## WHAT IS NEEDED
After reading the listing below, copy it out exactly.

--- START ---

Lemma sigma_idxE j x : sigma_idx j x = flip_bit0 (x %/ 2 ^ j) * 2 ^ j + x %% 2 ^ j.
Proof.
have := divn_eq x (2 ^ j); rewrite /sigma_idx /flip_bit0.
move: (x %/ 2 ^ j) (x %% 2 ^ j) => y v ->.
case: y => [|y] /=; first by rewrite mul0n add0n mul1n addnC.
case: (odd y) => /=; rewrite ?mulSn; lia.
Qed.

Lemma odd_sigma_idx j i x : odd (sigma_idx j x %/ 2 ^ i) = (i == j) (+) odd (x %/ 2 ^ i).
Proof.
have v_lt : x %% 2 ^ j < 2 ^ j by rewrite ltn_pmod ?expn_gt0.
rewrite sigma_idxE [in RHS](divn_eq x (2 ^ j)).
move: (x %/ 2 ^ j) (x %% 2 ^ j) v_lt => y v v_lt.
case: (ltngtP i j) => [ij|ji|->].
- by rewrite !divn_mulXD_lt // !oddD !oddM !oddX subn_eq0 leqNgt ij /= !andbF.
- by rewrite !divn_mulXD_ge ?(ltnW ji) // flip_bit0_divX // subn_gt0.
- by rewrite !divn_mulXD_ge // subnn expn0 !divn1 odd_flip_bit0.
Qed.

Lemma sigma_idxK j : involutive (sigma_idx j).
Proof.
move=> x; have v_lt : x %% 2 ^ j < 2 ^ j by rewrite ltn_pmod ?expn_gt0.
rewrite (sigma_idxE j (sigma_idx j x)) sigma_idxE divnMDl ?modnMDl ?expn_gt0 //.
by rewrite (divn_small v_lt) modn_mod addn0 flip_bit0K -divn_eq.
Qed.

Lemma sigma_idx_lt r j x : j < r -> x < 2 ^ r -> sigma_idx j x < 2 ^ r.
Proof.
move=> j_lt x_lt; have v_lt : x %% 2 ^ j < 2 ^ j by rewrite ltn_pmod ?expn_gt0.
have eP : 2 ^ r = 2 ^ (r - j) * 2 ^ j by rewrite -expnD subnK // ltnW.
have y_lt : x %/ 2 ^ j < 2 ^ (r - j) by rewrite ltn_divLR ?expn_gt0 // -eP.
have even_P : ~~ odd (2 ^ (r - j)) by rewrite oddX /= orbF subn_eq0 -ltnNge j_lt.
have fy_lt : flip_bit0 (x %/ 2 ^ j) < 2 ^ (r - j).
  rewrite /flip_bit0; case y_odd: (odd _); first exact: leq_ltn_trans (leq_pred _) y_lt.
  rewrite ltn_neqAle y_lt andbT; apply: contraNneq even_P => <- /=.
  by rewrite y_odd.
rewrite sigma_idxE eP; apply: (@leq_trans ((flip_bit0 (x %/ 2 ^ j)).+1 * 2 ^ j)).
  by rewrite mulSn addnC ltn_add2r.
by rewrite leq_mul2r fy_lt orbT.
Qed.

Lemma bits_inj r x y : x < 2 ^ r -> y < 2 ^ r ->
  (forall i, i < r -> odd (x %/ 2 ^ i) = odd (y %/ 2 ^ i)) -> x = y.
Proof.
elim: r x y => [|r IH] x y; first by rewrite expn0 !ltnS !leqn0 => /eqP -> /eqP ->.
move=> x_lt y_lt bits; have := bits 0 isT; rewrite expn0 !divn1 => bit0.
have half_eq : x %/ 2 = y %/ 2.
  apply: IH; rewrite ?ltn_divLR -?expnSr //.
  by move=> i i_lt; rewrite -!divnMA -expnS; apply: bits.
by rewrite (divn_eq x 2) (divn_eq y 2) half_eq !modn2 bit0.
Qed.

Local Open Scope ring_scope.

--- END ---

## ANSWER SPACE
Lemma sigma_idxE j x : sigma_idx j x = flip_bit0 (x %/ 2 ^ j) * 2 ^ j + x %% 2 ^ j.
Proof.
have := divn_eq x (2 ^ j); rewrite /sigma_idx /flip_bit0.
move: (x %/ 2 ^ j) (x %% 2 ^ j) => y v ->.
case: y => [|y] /=; first by rewrite mul0n add0n mul1n addnC.
case: (odd y) => /=; rewrite ?mulSn; lia.
Qed.

Lemma odd_sigma_idx j i x : odd (sigma_idx j x %/ 2 ^ i) = (i == j) (+) odd (x %/ 2 ^ i).
Proof.
have v_lt : x %% 2 ^ j < 2 ^ j by rewrite ltn_pmod ?expn_gt0.
rewrite sigma_idxE [in RHS](divn_eq x (2 ^ j)).
move: (x %/ 2 ^ j) (x %% 2 ^ j) v_lt => y v v_lt.
case: (ltngtP i j) => [ij|ji|->].
- by rewrite !divn_mulXD_lt // !oddD !oddM !oddX subn_eq0 leqNgt ij /= !andbF.
- by rewrite !divn_mulXD_ge ?(ltnW ji) // flip_bit0_divX // subn_gt0.
- by rewrite !divn_mulXD_ge // subnn expn0 !divn1 odd_flip_bit0.
Qed.

Lemma sigma_idxK j : involutive (sigma_idx j).
Proof.
move=> x; have v_lt : x %% 2 ^ j < 2 ^ j by rewrite ltn_pmod ?expn_gt0.
rewrite (sigma_idxE j (sigma_idx j x)) sigma_idxE divnMDl ?modnMDl ?expn_gt0 //.
by rewrite (divn_small v_lt) modn_mod addn0 flip_bit0K -divn_eq.
Qed.

Lemma sigma_idx_lt r j x : j < r -> x < 2 ^ r -> sigma_idx j x < 2 ^ r.
Proof.
move=> j_lt x_lt; have v_lt : x %% 2 ^ j < 2 ^ j by rewrite ltn_pmod ?expn_gt0.
have eP : 2 ^ r = 2 ^ (r - j) * 2 ^ j by rewrite -expnD subnK // ltnW.
have y_lt : x %/ 2 ^ j < 2 ^ (r - j) by rewrite ltn_divLR ?expn_gt0 // -eP.
have even_P : ~~ odd (2 ^ (r - j)) by rewrite oddX /= orbF subn_eq0 -ltnNge j_lt.
have fy_lt : flip_bit0 (x %/ 2 ^ j) < 2 ^ (r - j).
  rewrite /flip_bit0; case y_odd: (odd _); first exact: leq_ltn_trans (leq_pred _) y_lt.
  rewrite ltn_neqAle y_lt andbT; apply: contraNneq even_P => <- /=.
  by rewrite y_odd.
rewrite sigma_idxE eP; apply: (@leq_trans ((flip_bit0 (x %/ 2 ^ j)).+1 * 2 ^ j)).
  by rewrite mulSn addnC ltn_add2r.
by rewrite leq_mul2r fy_lt orbT.
Qed.

Lemma bits_inj r x y : x < 2 ^ r -> y < 2 ^ r ->
  (forall i, i < r -> odd (x %/ 2 ^ i) = odd (y %/ 2 ^ i)) -> x = y.
Proof.
elim: r x y => [|r IH] x y; first by rewrite expn0 !ltnS !leqn0 => /eqP -> /eqP ->.
move=> x_lt y_lt bits; have := bits 0 isT; rewrite expn0 !divn1 => bit0.
have half_eq : x %/ 2 = y %/ 2.
  apply: IH; rewrite ?ltn_divLR -?expnSr //.
  by move=> i i_lt; rewrite -!divnMA -expnS; apply: bits.
by rewrite (divn_eq x 2) (divn_eq y 2) half_eq !modn2 bit0.
Qed.

Local Open Scope ring_scope.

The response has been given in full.